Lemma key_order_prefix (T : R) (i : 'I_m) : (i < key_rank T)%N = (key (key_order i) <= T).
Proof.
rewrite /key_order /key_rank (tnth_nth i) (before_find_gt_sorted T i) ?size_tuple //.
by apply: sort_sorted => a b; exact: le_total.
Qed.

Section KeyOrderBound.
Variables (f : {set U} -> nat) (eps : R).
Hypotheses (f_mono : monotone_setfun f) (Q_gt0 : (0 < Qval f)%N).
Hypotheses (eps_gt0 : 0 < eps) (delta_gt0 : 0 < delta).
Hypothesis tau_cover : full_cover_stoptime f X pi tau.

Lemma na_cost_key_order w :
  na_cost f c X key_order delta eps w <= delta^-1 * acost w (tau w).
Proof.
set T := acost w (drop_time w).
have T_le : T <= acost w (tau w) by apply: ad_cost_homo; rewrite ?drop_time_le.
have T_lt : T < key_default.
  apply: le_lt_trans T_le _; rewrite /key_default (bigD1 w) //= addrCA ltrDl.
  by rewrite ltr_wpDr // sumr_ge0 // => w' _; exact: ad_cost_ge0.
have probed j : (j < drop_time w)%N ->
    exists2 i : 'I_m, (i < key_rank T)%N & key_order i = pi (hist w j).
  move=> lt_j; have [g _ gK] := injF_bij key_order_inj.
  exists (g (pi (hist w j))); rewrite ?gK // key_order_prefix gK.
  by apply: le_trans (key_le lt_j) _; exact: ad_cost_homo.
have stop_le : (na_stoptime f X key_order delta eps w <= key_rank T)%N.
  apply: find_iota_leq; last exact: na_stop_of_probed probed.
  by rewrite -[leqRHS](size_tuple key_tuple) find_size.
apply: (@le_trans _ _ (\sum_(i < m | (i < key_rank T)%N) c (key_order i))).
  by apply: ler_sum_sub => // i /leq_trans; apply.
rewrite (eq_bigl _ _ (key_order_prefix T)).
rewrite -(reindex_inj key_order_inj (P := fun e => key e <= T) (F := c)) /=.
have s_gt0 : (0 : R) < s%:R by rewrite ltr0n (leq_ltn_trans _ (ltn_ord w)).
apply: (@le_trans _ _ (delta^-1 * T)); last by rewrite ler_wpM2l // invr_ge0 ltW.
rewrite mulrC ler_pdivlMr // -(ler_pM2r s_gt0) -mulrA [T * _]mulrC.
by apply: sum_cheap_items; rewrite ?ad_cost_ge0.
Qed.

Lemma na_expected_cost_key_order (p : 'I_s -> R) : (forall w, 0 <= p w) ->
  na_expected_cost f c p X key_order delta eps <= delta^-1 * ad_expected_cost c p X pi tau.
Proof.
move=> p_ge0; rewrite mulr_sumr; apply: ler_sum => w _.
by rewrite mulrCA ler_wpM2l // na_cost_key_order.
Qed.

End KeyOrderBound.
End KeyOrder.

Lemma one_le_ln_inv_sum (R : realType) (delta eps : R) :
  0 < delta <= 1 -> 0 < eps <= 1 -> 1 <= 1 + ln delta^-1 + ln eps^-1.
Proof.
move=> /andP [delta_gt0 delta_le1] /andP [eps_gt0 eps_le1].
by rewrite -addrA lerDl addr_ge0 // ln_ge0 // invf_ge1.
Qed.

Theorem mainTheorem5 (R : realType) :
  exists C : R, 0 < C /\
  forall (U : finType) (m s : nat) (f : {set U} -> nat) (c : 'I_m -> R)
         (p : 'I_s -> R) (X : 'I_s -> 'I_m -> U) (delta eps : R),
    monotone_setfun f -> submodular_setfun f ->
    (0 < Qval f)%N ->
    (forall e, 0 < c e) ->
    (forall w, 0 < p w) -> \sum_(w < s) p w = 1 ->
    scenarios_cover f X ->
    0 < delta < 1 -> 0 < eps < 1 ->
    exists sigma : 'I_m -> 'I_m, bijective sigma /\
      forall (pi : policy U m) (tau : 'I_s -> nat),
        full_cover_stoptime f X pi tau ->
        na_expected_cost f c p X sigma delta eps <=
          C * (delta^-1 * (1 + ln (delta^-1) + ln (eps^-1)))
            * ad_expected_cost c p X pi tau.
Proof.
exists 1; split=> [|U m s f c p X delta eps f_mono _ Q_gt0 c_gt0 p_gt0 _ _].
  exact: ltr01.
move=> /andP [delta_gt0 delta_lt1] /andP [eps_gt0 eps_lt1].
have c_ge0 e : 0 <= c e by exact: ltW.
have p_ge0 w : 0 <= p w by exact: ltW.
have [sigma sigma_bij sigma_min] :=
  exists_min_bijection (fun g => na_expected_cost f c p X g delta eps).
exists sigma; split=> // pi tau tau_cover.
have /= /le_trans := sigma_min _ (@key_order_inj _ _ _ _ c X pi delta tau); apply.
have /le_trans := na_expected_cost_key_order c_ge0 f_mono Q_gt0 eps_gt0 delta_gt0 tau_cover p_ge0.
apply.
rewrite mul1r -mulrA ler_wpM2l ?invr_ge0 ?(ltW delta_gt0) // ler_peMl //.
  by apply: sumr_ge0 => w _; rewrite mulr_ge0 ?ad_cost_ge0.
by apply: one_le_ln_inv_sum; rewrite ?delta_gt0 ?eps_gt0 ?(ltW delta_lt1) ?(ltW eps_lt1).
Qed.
────────────────────────────────────────
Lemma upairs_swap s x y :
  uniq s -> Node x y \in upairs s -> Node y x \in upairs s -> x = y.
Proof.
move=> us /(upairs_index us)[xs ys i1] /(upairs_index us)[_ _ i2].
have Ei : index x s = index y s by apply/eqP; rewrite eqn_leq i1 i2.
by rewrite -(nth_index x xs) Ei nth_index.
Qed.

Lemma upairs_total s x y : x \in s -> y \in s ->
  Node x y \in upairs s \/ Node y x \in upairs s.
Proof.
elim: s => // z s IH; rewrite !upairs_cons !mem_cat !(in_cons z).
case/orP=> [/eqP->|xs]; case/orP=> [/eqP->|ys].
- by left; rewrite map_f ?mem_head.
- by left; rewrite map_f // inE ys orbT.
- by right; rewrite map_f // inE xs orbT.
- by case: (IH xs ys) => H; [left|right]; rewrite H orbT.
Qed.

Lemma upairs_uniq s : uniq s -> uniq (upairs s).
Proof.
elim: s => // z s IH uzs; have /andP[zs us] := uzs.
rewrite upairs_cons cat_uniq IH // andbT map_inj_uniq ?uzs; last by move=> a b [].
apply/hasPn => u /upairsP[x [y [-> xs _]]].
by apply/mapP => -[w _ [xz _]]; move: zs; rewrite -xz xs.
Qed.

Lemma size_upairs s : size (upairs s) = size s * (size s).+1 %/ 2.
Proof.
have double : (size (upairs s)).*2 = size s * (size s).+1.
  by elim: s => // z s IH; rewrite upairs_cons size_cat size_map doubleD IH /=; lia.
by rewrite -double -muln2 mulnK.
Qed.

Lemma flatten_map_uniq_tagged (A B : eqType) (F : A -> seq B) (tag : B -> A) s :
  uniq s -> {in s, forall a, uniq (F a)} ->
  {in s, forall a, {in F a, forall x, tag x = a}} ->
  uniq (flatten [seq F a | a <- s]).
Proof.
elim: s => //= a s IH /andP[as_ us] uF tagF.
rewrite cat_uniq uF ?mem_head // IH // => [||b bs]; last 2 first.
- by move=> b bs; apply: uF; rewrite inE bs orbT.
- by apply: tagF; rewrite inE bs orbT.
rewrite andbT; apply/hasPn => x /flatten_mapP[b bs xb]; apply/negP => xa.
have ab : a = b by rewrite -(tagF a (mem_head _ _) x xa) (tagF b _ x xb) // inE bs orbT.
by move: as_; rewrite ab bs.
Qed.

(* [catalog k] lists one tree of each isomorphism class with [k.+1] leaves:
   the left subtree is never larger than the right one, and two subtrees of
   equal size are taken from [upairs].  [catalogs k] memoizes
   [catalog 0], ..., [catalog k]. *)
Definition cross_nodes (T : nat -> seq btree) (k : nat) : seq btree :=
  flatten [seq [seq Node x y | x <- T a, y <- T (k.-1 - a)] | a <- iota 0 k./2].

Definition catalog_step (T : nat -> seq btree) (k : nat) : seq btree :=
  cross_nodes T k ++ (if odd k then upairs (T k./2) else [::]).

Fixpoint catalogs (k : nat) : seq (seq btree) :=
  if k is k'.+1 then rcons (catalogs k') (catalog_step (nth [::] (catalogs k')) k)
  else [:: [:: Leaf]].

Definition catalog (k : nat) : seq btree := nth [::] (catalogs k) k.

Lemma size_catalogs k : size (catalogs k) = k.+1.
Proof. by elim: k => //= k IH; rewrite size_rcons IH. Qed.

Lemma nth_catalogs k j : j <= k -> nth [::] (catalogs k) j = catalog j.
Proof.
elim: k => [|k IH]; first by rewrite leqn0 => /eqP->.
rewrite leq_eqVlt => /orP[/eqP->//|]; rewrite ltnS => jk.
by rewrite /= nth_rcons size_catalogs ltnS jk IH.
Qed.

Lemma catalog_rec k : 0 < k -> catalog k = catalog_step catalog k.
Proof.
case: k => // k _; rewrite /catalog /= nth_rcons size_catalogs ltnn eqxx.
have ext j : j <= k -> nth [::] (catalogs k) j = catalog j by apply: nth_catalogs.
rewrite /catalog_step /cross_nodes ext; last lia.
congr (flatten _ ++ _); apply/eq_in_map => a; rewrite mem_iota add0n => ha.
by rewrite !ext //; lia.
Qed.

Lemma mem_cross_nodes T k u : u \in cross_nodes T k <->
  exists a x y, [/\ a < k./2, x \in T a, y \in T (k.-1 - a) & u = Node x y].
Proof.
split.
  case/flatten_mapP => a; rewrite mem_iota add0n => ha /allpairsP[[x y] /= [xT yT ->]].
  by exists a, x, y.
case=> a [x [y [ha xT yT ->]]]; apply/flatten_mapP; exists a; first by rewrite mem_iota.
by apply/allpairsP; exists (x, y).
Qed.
────────────────────────────────────────
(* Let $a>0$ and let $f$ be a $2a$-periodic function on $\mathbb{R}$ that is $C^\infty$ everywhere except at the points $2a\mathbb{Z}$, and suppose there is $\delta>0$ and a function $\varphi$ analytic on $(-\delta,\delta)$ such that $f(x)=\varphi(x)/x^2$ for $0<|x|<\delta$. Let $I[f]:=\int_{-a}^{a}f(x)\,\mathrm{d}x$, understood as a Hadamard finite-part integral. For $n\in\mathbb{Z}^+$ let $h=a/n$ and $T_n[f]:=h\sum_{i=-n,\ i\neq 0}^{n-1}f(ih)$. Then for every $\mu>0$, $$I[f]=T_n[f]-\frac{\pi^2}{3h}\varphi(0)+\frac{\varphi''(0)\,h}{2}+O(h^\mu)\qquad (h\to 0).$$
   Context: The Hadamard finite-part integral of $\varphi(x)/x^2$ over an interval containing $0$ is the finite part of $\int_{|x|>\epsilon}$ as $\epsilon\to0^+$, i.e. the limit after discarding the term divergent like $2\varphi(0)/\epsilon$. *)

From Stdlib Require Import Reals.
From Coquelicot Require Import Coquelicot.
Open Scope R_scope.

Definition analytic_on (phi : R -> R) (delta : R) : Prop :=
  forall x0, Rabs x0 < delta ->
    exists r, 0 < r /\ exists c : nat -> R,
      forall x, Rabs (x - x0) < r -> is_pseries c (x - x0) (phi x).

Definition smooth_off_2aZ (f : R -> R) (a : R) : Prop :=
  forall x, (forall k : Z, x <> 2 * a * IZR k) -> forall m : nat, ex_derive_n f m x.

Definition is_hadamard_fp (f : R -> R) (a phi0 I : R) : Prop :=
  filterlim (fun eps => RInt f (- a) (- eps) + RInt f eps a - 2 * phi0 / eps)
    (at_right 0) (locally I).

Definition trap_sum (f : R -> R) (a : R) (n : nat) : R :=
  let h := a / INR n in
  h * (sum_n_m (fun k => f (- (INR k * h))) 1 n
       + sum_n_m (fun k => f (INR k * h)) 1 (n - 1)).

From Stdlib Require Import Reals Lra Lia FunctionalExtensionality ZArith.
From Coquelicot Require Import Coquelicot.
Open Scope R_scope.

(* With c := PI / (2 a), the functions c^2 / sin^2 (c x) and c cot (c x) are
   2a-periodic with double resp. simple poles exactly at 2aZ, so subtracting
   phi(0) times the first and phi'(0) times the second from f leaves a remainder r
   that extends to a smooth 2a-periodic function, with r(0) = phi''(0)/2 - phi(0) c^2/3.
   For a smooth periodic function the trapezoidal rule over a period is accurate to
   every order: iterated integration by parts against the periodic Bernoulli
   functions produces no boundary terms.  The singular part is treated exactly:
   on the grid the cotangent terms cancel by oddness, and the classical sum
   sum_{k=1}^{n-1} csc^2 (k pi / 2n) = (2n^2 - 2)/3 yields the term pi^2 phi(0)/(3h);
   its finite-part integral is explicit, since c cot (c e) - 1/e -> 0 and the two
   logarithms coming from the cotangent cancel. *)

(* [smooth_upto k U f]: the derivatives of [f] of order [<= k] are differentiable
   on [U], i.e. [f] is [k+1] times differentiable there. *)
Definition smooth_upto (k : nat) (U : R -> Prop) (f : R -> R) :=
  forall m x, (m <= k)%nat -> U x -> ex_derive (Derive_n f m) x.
────────────────────────────────────────
Write out exactly the lines above from the line with "elim: s => // z s IH; rewrite !upairs_cons" through the line with "Definition cross_nodes (T", both of them included, and leave out all other lines.

▶ **SOLUTION BELOW**:
elim: s => // z s IH; rewrite !upairs_cons !mem_cat !(in_cons z).
case/orP=> [/eqP->|xs]; case/orP=> [/eqP->|ys].
- by left; rewrite map_f ?mem_head.
- by left; rewrite map_f // inE ys orbT.
- by right; rewrite map_f // inE xs orbT.
- by case: (IH xs ys) => H; [left|right]; rewrite H orbT.
Qed.

Lemma upairs_uniq s : uniq s -> uniq (upairs s).
Proof.
elim: s => // z s IH uzs; have /andP[zs us] := uzs.
rewrite upairs_cons cat_uniq IH // andbT map_inj_uniq ?uzs; last by move=> a b [].
apply/hasPn => u /upairsP[x [y [-> xs _]]].
by apply/mapP => -[w _ [xz _]]; move: zs; rewrite -xz xs.
Qed.

Lemma size_upairs s : size (upairs s) = size s * (size s).+1 %/ 2.
Proof.
have double : (size (upairs s)).*2 = size s * (size s).+1.
  by elim: s => // z s IH; rewrite upairs_cons size_cat size_map doubleD IH /=; lia.
by rewrite -double -muln2 mulnK.
Qed.

Lemma flatten_map_uniq_tagged (A B : eqType) (F : A -> seq B) (tag : B -> A) s :
  uniq s -> {in s, forall a, uniq (F a)} ->
  {in s, forall a, {in F a, forall x, tag x = a}} ->
  uniq (flatten [seq F a | a <- s]).
Proof.
elim: s => //= a s IH /andP[as_ us] uF tagF.
rewrite cat_uniq uF ?mem_head // IH // => [||b bs]; last 2 first.
- by move=> b bs; apply: uF; rewrite inE bs orbT.
- by apply: tagF; rewrite inE bs orbT.
rewrite andbT; apply/hasPn => x /flatten_mapP[b bs xb]; apply/negP => xa.
have ab : a = b by rewrite -(tagF a (mem_head _ _) x xa) (tagF b _ x xb) // inE bs orbT.
by move: as_; rewrite ab bs.
Qed.

(* [catalog k] lists one tree of each isomorphism class with [k.+1] leaves:
   the left subtree is never larger than the right one, and two subtrees of
   equal size are taken from [upairs].  [catalogs k] memoizes
   [catalog 0], ..., [catalog k]. *)
Definition cross_nodes (T : nat -> seq btree) (k : nat) : seq btree :=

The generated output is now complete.